Re: F(x) = x/6, derivative

Quote:

Originally Posted by

**ArtemisLux** Let F(x) = x/6

a. Take the derivative of F(x) with respect to x to find a new function f(x).

I think this should be x^{-6}, am I correct?

No. The equation f(x)=x/6 is a stright line, with slope 1/6. Since the derivative of a function is its slope, this tells you that the derivative of f(x)=x/6 is f'(x) = 1/6.

Quote:

Originally Posted by

**ArtemisLux** b. Suppose f(x) is to serve as a probability model; it then should have a surface area

equal to 1 and all its values should be positive.

Suppose also that the domain starts at zero.

What is the upper boundary of this domain?
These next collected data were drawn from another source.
(* Let $G$ be an infinite isoradial graph, $G^F$ its Fisher graph equipped with an admissible orientation, and consider the rhombus angles $\bar\alpha_j(\bar x)$, $\bar x\in V$, $j\in\{1,\dots,d(\bar x)\}$, propagated by the rules (R1)–(R3) below. Then these rules are consistent: the angles $\bar\alpha_j(\bar x)$ are well defined as elements of $\mathbb R/4\pi\mathbb Z$, i.e. the value obtained for each $\bar\alpha_j(\bar x)$ does not depend on the sequence of rules used to reach it (in particular, going around the inner cycle of a decoration, or around a cycle of $G^F$ surrounding a face of $G$, returns the initial angle modulo $4\pi$).
   Context: Isoradial graph: $G=(V,E)$ is an infinite, locally finite planar graph embedded so that every face is inscribed in a circle of radius $1$ whose center lies in the interior of the face. The diamond graph $G^\diamond$ has as vertices $V$ together with these circumcenters, each circumcenter joined to the vertices on the boundary of its face; its faces are rhombi of side $1$, and every edge $e$ of $G$ is a diagonal of exactly one rhombus. Fisher graph: $G^F$ is obtained from $G$ by replacing each vertex $\bar x$ of degree $d=d(\bar x)$ by a decoration with $2d$ vertices $w_1(\bar x),\dots,w_d(\bar x),v_1(\bar x),\dots,v_d(\bar x)$ (indices mod $d$): the $w_j(\bar x)$ form a cycle (the inner cycle), in counterclockwise order, and $v_j(\bar x)$ is joined to $w_j(\bar x)$ and $w_{j+1}(\bar x)$ (the $j$-th triangle). The edges of $G$ at $\bar x$, in counterclockwise order, correspond to $v_1(\bar x),\dots,v_d(\bar x)$, and an edge $\bar x\bar y$ of $G$ yields an edge $v_j(\bar x)v_\ell(\bar y)$ of $G^F$ between the corresponding vertices. An orientation of the edges of $G^F$ is admissible if the boundary cycle of every face, traversed clockwise, contains an odd number of edges oriented in the direction of traversal. For a directed path $\gamma$ in $G^F$, $\mathrm{co}(\gamma)$ is the number of its edges whose orientation agrees with the direction of $\gamma$. Rhombus angles: for $\bar x\in V$ of degree $d$, the $d$ edges of $G^\diamond$ at $\bar x$ have unit directions $e^{i\bar\alpha_1(\bar x)},\dots,e^{i\bar\alpha_d(\bar x)}$ in counterclockwise order, labelled so that the edge of $G$ corresponding to $v_j(\bar x)$ is the diagonal of the rhombus whose sides at $\bar x$ are $e^{i\bar\alpha_j(\bar x)}$ and $e^{i\bar\alpha_{j+1}(\bar x)}$; $\bar\theta_j(\bar x)\in(0,\pi/2)$ is the half-angle of that rhombus at $\bar x$. The real lifts of these angles are defined by: (R1) fix a vertex $\bar x_0$ and set $\bar\alpha_1(\bar x_0)=0$; (R2) inside a decoration, $\bar\alpha_{j+1}(\bar x)=\bar\alpha_j(\bar x)+2\bar\theta_j(\bar x)$ if the edge between $w_j(\bar x)$ and $w_{j+1}(\bar x)$ is oriented $w_j\to w_{j+1}$, and $\bar\alpha_{j+1}(\bar x)=\bar\alpha_j(\bar x)+2\bar\theta_j(\bar x)+2\pi$ otherwise; (R3) if $v_j(\bar x)$ is adjacent to $v_\ell(\bar y)$, then $\bar\alpha_\ell(\bar y)=\bar\alpha_j(\bar x)-\pi$ if $\mathrm{co}(w_j(\bar x),v_j(\bar x),v_\ell(\bar y),w_\ell(\bar y))$ is odd and $\bar\alpha_\ell(\bar y)=\bar\alpha_j(\bar x)+\pi$ if it is even. *)

From Stdlib Require Import Reals List Arith Relations.
Import ListNotations.
Open Scope R_scope.

(* Combinatorial model of the plane graph G (a combinatorial map).      *)
(* D : darts (= half-edges).  A dart d at vertex x corresponds to the  *)
(* Fisher vertex v_j(x) (the j-th edge of G at x).                     *)
(*   sig d : next dart counterclockwise around the same vertex         *)
(*           (v_j(x) |-> v_(j+1)(x)).                                  *)
(*   iota d : the opposite dart of the same edge (v_j(x) <-> v_l(y)).  *)
(* Vertices of G = sig-orbits; edges = iota-orbits.                    *)

Fixpoint traj {D : Type} (f : D -> D) (d : D) (n : nat) : list D :=
  match n with
  | O => []
  | S m => d :: traj f (f d) m
  end.

Definition is_period {D : Type} (f : D -> D) (d : D) (n : nat) : Prop :=
  (0 < n)%nat /\ Nat.iter n f d = d /\
  (forall m, (0 < m)%nat -> (m < n)%nat -> Nat.iter m f d <> d).

(* corner map: the corner (d, sig d) at x is followed, along the face of G
   lying between d and sig d (traversed clockwise), by the corner
   (iota (sig d), sig (iota (sig d))) at the next vertex. *)
Definition corner_next {D : Type} (sig iota : D -> D) (d : D) : D :=
  iota (sig d).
You want to find the value for 'a' where the area between the curve y=x/6 and teh x-axis taken beween x=0 and x=a is equal to 1. If you've learned integrals (or "anti-derivatives") you can integrate y=x/6 and then solve for a point 'a' such that the definite integral between values of x=0 and x=a is equal to 1. But another way is to realize that the line y=x/6 forms a triangle with the x axis, and the area of that triangle it is one half base length tiomes height, or (1/2)xy. Sinc y = x/6, substitute this and solve for (1/2)x(x/6) = 1.